=== Section Start ===

(* Fix $c>0$, $\lambda>1$, one of the six models, $N$, and $1\le N_1,N_2\le N-1$ with $N_1+N_2=N$. For every $r=1,\dots,\lfloor cN\rfloor$, $$\mathbb{E}\big[\log Z(\mathbb{G}(N,\lfloor cN\rfloor,r))\big]\ge\mathbb{E}\big[\log Z(\mathbb{G}(N,\lfloor cN\rfloor,r-1))\big].$$
   Context: Let $K\ge2$, $\chi=\{0,\dots,q-1\}$, $[N_1]=\{1,\dots,N_1\}$, $[N_2]=\{N_1+1,\dots,N\}$. For $0\le r\le\lfloor cN\rfloor$, $\mathbb{G}(N,\lfloor cN\rfloor,r)$ is the random hypergraph on $[N]$ with $\lfloor cN\rfloor$ independently generated directed $K$-hyperedges: the first $r$ uniform on $[N]^K$, each remaining one uniform on $[N_1]^K$ with probability $N_1/N$ and uniform on $[N_2]^K$ with probability $N_2/N$; potentials are assigned as in the model. $H(x)=\sum_iH_i(x_i)+\sum_{e\in E}H_e(x_e)$ and $Z(G)=\sum_{x\in\chi^N}\lambda^{H(x)}$, $\lambda^{-\infty}=0$. Models: Independent set ($K=2,q=2$, $H_i(1)=1,H_i(0)=0$, $H_e(1,1)=-\infty$, else $0$); MAX-CUT ($K=2,q=2$, $H_i\equiv0$, $H_e(x,y)=\mathbf 1[x\ne y]$); anti-ferromagnetic Ising ($K=2,q=2$, fixed $\beta>0,B\in\mathbb{R}$, $H_i(0)=-B,H_i(1)=B$, $H_e(x,y)=-\beta$ if $x=y$, $\beta$ otherwise); $q$-Coloring ($K=2$, $H_i\equiv0$, $H_e(x,y)=\mathbf 1[x\ne y]$); K-SAT ($q=2$, $H_i\equiv0$, independent uniform $a_e\in\{0,1\}^K$, $H_e(a_e)=0$, $1$ otherwise); NAE-K-SAT ($H_e(a_e)=H_e(\mathbf1-a_e)=0$, $1$ otherwise). *)

From HB Require Import structures.
From mathcomp Require Import all_boot all_order all_algebra.
From mathcomp Require Import all_classical all_reals all_analysis.
Unset Printing Implicit Defensive.
Import Order.TTheory GRing.Theory Num.Theory.
Local Open Scope ring_scope.

(* The six models.  Ising carries (beta, B); Coloring carries q;
   K-SAT / NAE-K-SAT carry K. *)
Inductive model (R : Type) :=
| IndSet | MaxCut | Ising of R & R | Coloring of nat | KSAT of nat | NAEKSAT of nat.
Arguments IndSet {R}. Arguments MaxCut {R}.

Section Models.
Variable R : realType.

Definition arity (m : model R) : nat :=
  match m with KSAT K | NAEKSAT K => K | _ => 2%N end.

(* number of spin values q, chi = {0,..,q-1} *)
Definition spins (m : model R) : nat :=
  match m with Coloring q => q | _ => 2%N end.

Definition model_ok (m : model R) : Prop :=
  match m with
  | Ising beta _ => 0 < beta
  | Coloring q => (0 < q)%N
  | KSAT K | NAEKSAT K => (2 <= K)%N
  | _ => True
  end.

Definition has_signs (m : model R) : bool :=
  match m with KSAT _ | NAEKSAT _ => true | _ => false end.

Definition Hnode (m : model R) (x : nat) : \bar R :=
  match m with
  | IndSet => if x == 1%N then 1%E else 0%E
  | Ising _ B => if x == 0%N then (- B)%:E else B%:E
  | _ => 0%E
  end.

Definition Hedge (m : model R) (a : 'I_(arity m) -> bool)
  (xe : 'I_(arity m) -> nat) : \bar R :=
  match m return ('I_(arity m) -> bool) -> ('I_(arity m) -> nat) -> \bar R with
  | IndSet => fun _ xe =>
      if [forall j, xe j == 1%N] then -oo%E else 0%E
  | MaxCut | Coloring _ => fun _ xe =>
      if [forall j, forall j', xe j == xe j'] then 0%E else 1%E
  | Ising beta _ => fun _ xe =>
      if [forall j, forall j', xe j == xe j'] then (- beta)%:E else beta%:E
  | KSAT K => fun a xe =>
      if [forall j, xe j == nat_of_bool (a j)] then 0%E else 1%E
  | NAEKSAT K => fun a xe =>
      if [forall j, xe j == nat_of_bool (a j)]
         || [forall j, xe j == nat_of_bool (~~ a j)] then 0%E else 1%E
  end a xe.

(* lambda^h, with lambda^(-oo) = 0 (+oo never occurs) *)
Definition lampow (lam : R) (h : \bar R) : R :=
  match h with
  | EFin r => powR lam r
  | _ => 0
  end.

(* a directed K-hyperedge together with its sign vector *)
Definition hedge (m : model R) (N : nat) : Type :=
  ({ffun 'I_(arity m) -> 'I_N} * {ffun 'I_(arity m) -> bool})%type.

Definition hgraph (m : model R) (N M : nat) : Type :=
  {ffun 'I_M -> hedge m N}.

Definition Ham (m : model R) (N M : nat) (G : hgraph m N M)
  (x : {ffun 'I_N -> 'I_(spins m)}) : \bar R :=
  ((\sum_(i < N) Hnode m (x i))
   + \sum_(k < M) Hedge m (G k).2 (fun j => nat_of_ord (x ((G k).1 j))))%E.

Definition Zpart (m : model R) (lam : R) (N M : nat) (G : hgraph m N M) : R :=
  \sum_(x : {ffun 'I_N -> 'I_(spins m)}) lampow lam (Ham m N M G x).

(* Vertices are 'I_N (0-based); [N1] is the set
   of indices < N1 and [N2] the set of indices >= N1. *)
Definition pvert (m : model R) (N N1 N2 r k : nat)
  (v : {ffun 'I_(arity m) -> 'I_N}) : R :=
  if (k < r)%N then (N ^ arity m)%:R^-1
  else (N1%:R / N%:R) * (N1 ^ arity m)%:R^-1
         * (([forall j, v j < N1])%N : bool)%:R
     + (N2%:R / N%:R) * (N2 ^ arity m)%:R^-1
         * (([forall j, N1 <= v j])%N : bool)%:R.

Definition psign (m : model R) (a : {ffun 'I_(arity m) -> bool}) : R :=
  if has_signs m then (2 ^ arity m)%:R^-1
  else (a == [ffun => false])%:R.

Definition pgraph (m : model R) (N N1 N2 M r : nat) (G : hgraph m N M) : R :=
  \prod_(k < M) (pvert m N N1 N2 r k (G k).1 * psign m (G k).2).

Definition ElogZ (m : model R) (lam : R) (N N1 N2 M r : nat) : R :=
  \sum_(G : hgraph m N M) pgraph m N N1 N2 M r G * ln (Zpart m lam N M G).

End Models.

From HB Require Import structures.
From mathcomp Require Import all_boot all_order all_algebra.
From mathcomp Require Import all_classical all_reals all_analysis.
From mathcomp Require Import ring lra zify.
From Stdlib Require Import Lia.
Import Order.TTheory GRing.Theory Num.Theory.
Local Open Scope ring_scope.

=== Section End ===

> _TASK DETAILS_
Take the listing above and repeat exactly the lines from the one containing "if (k < r)%N then (N ^ arity m)%:R^-1" through the one containing "else (a == [ffun => false])%:R.", both included.

> _SOLUTION TO THE EXERCISE_
  if (k < r)%N then (N ^ arity m)%:R^-1
  else (N1%:R / N%:R) * (N1 ^ arity m)%:R^-1
         * (([forall j, v j < N1])%N : bool)%:R
     + (N2%:R / N%:R) * (N2 ^ arity m)%:R^-1
         * (([forall j, N1 <= v j])%N : bool)%:R.

Definition psign (m : model R) (a : {ffun 'I_(arity m) -> bool}) : R :=
  if has_signs m then (2 ^ arity m)%:R^-1
  else (a == [ffun => false])%:R.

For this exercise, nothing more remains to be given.